**WHAT TO PRODUCE:** Which lines run from the line with "Lemma sum_ord2 (R" through the line with "Proof. exact: smooth_comp_mulmx. Qed." in the entries below? Print them exactly, both ends included, and nothing more.

__________________________________________________

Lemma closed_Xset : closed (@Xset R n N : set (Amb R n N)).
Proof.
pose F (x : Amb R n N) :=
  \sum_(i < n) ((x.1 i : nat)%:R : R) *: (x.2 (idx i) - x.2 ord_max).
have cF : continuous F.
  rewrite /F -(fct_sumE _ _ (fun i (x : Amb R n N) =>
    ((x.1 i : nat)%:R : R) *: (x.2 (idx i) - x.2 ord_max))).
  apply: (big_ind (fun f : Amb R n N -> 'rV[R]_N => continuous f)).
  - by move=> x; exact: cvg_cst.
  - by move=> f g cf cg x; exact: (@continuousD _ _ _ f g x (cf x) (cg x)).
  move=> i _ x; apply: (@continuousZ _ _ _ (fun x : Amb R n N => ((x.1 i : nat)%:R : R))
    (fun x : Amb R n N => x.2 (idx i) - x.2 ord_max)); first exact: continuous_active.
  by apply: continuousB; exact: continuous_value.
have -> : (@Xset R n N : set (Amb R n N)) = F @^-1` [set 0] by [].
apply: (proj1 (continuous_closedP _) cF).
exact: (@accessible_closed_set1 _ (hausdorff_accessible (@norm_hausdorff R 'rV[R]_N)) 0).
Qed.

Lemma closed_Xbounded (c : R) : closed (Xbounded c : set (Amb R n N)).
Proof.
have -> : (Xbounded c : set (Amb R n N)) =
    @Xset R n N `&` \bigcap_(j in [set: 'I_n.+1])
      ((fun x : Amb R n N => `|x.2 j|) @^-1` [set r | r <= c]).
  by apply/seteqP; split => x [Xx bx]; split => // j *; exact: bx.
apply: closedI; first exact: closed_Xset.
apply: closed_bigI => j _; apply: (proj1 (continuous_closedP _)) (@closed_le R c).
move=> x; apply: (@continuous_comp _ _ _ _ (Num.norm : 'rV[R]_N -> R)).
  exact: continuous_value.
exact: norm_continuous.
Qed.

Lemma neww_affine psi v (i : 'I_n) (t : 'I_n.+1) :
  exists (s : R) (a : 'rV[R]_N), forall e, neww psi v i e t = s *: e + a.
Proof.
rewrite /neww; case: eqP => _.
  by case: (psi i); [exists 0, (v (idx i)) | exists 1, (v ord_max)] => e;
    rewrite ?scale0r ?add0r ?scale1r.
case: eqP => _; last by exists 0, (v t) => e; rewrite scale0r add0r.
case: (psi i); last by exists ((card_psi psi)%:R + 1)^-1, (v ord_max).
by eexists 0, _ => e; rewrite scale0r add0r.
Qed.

__________________________________________________

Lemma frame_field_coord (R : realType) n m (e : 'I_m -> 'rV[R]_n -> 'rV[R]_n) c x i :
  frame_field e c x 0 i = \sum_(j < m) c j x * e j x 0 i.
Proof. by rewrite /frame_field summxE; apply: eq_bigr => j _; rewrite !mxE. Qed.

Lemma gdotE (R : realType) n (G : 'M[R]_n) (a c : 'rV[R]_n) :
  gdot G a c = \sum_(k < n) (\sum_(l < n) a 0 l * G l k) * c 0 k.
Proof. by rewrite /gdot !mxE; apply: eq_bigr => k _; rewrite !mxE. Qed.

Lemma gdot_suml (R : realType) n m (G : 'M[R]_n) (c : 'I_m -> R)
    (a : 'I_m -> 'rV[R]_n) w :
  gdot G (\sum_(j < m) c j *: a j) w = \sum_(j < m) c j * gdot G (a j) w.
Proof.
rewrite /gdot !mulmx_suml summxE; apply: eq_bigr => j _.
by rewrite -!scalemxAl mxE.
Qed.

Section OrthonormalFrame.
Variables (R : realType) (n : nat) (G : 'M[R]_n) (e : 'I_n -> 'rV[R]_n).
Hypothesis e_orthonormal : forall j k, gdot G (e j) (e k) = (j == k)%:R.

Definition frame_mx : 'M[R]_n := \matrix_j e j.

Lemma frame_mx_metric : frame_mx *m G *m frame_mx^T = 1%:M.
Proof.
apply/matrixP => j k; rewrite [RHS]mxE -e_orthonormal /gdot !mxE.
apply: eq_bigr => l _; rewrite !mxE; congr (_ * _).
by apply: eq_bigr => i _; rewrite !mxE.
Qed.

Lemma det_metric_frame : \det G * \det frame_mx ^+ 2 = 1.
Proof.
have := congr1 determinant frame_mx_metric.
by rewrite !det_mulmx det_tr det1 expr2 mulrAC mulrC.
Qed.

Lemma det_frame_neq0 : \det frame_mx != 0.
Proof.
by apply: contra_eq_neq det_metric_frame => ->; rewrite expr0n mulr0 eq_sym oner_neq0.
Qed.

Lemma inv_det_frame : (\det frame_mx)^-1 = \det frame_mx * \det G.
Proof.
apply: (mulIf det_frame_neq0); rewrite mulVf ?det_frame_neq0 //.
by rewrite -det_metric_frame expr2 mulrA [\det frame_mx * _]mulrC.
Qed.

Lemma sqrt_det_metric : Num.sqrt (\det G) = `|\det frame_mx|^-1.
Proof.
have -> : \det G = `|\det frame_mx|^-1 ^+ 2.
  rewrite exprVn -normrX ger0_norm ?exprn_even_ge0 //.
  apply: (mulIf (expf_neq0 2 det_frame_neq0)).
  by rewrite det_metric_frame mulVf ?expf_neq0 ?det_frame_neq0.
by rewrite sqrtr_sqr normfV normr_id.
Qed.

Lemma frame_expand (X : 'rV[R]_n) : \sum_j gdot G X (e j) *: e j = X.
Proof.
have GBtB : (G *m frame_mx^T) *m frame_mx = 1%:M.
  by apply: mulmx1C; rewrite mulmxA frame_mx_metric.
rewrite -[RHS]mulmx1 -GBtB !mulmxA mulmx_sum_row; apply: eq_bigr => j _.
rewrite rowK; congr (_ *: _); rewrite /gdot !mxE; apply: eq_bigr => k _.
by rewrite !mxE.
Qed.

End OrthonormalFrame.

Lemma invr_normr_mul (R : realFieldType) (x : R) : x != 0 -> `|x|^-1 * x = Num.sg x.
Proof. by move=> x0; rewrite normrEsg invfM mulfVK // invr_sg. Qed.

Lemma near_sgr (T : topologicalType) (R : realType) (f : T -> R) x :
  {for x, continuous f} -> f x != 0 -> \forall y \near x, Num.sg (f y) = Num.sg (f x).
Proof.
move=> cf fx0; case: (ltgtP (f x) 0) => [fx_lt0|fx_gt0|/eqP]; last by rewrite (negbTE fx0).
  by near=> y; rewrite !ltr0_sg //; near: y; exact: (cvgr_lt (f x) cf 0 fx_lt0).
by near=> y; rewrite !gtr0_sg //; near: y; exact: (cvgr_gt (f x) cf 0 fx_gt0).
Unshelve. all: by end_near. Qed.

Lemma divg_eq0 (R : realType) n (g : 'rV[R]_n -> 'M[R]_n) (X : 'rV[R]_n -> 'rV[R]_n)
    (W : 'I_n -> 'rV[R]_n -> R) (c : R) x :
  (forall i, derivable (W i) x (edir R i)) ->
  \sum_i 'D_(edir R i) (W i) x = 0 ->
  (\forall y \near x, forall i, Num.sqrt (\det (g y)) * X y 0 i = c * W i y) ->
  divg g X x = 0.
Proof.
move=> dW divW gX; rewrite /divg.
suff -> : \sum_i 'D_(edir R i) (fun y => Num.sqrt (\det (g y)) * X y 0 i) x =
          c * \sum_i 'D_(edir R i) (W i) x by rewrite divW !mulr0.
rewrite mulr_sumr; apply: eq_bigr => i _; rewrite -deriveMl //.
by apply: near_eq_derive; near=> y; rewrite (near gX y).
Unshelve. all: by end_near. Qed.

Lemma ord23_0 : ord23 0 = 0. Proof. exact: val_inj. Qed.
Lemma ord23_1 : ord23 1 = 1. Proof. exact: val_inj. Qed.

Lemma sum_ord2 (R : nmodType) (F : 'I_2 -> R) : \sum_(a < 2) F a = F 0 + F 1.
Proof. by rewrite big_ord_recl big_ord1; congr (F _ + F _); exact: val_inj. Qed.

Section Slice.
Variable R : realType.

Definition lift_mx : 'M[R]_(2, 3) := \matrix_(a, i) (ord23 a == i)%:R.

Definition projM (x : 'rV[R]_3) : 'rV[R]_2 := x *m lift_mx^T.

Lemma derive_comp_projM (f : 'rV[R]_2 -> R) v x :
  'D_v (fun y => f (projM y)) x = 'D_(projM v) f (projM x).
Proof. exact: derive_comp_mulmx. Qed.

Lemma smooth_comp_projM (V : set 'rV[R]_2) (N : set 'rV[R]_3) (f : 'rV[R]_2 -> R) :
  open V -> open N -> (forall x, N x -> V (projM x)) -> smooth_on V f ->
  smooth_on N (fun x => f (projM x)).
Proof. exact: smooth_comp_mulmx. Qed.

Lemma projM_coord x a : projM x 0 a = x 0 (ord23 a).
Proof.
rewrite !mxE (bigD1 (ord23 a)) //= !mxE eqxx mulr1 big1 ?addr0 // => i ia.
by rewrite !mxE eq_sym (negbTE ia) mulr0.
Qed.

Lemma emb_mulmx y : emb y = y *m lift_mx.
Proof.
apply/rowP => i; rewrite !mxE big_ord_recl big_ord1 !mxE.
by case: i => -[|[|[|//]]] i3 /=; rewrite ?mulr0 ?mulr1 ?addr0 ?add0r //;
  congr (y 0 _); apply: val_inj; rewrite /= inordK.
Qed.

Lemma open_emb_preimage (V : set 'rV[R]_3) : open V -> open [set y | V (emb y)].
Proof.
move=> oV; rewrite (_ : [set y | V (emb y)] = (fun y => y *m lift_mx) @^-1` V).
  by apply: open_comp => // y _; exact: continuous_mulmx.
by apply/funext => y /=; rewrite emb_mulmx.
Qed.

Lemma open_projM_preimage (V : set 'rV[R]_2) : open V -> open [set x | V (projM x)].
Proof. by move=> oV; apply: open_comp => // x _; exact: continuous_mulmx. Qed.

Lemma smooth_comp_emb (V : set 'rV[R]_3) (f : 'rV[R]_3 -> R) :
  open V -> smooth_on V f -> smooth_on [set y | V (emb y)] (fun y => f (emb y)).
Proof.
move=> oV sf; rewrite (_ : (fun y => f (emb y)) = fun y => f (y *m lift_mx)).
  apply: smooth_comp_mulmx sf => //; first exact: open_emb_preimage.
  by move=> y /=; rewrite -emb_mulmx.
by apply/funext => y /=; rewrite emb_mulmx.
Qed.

__________________________________________________

**EXERCISE RESPONSE:**
Lemma sum_ord2 (R : nmodType) (F : 'I_2 -> R) : \sum_(a < 2) F a = F 0 + F 1.
Proof. by rewrite big_ord_recl big_ord1; congr (F _ + F _); exact: val_inj. Qed.

Section Slice.
Variable R : realType.

Definition lift_mx : 'M[R]_(2, 3) := \matrix_(a, i) (ord23 a == i)%:R.

Definition projM (x : 'rV[R]_3) : 'rV[R]_2 := x *m lift_mx^T.

Lemma derive_comp_projM (f : 'rV[R]_2 -> R) v x :
  'D_v (fun y => f (projM y)) x = 'D_(projM v) f (projM x).
Proof. exact: derive_comp_mulmx. Qed.

Lemma smooth_comp_projM (V : set 'rV[R]_2) (N : set 'rV[R]_3) (f : 'rV[R]_2 -> R) :
  open V -> open N -> (forall x, N x -> V (projM x)) -> smooth_on V f ->
  smooth_on N (fun x => f (projM x)).
Proof. exact: smooth_comp_mulmx. Qed.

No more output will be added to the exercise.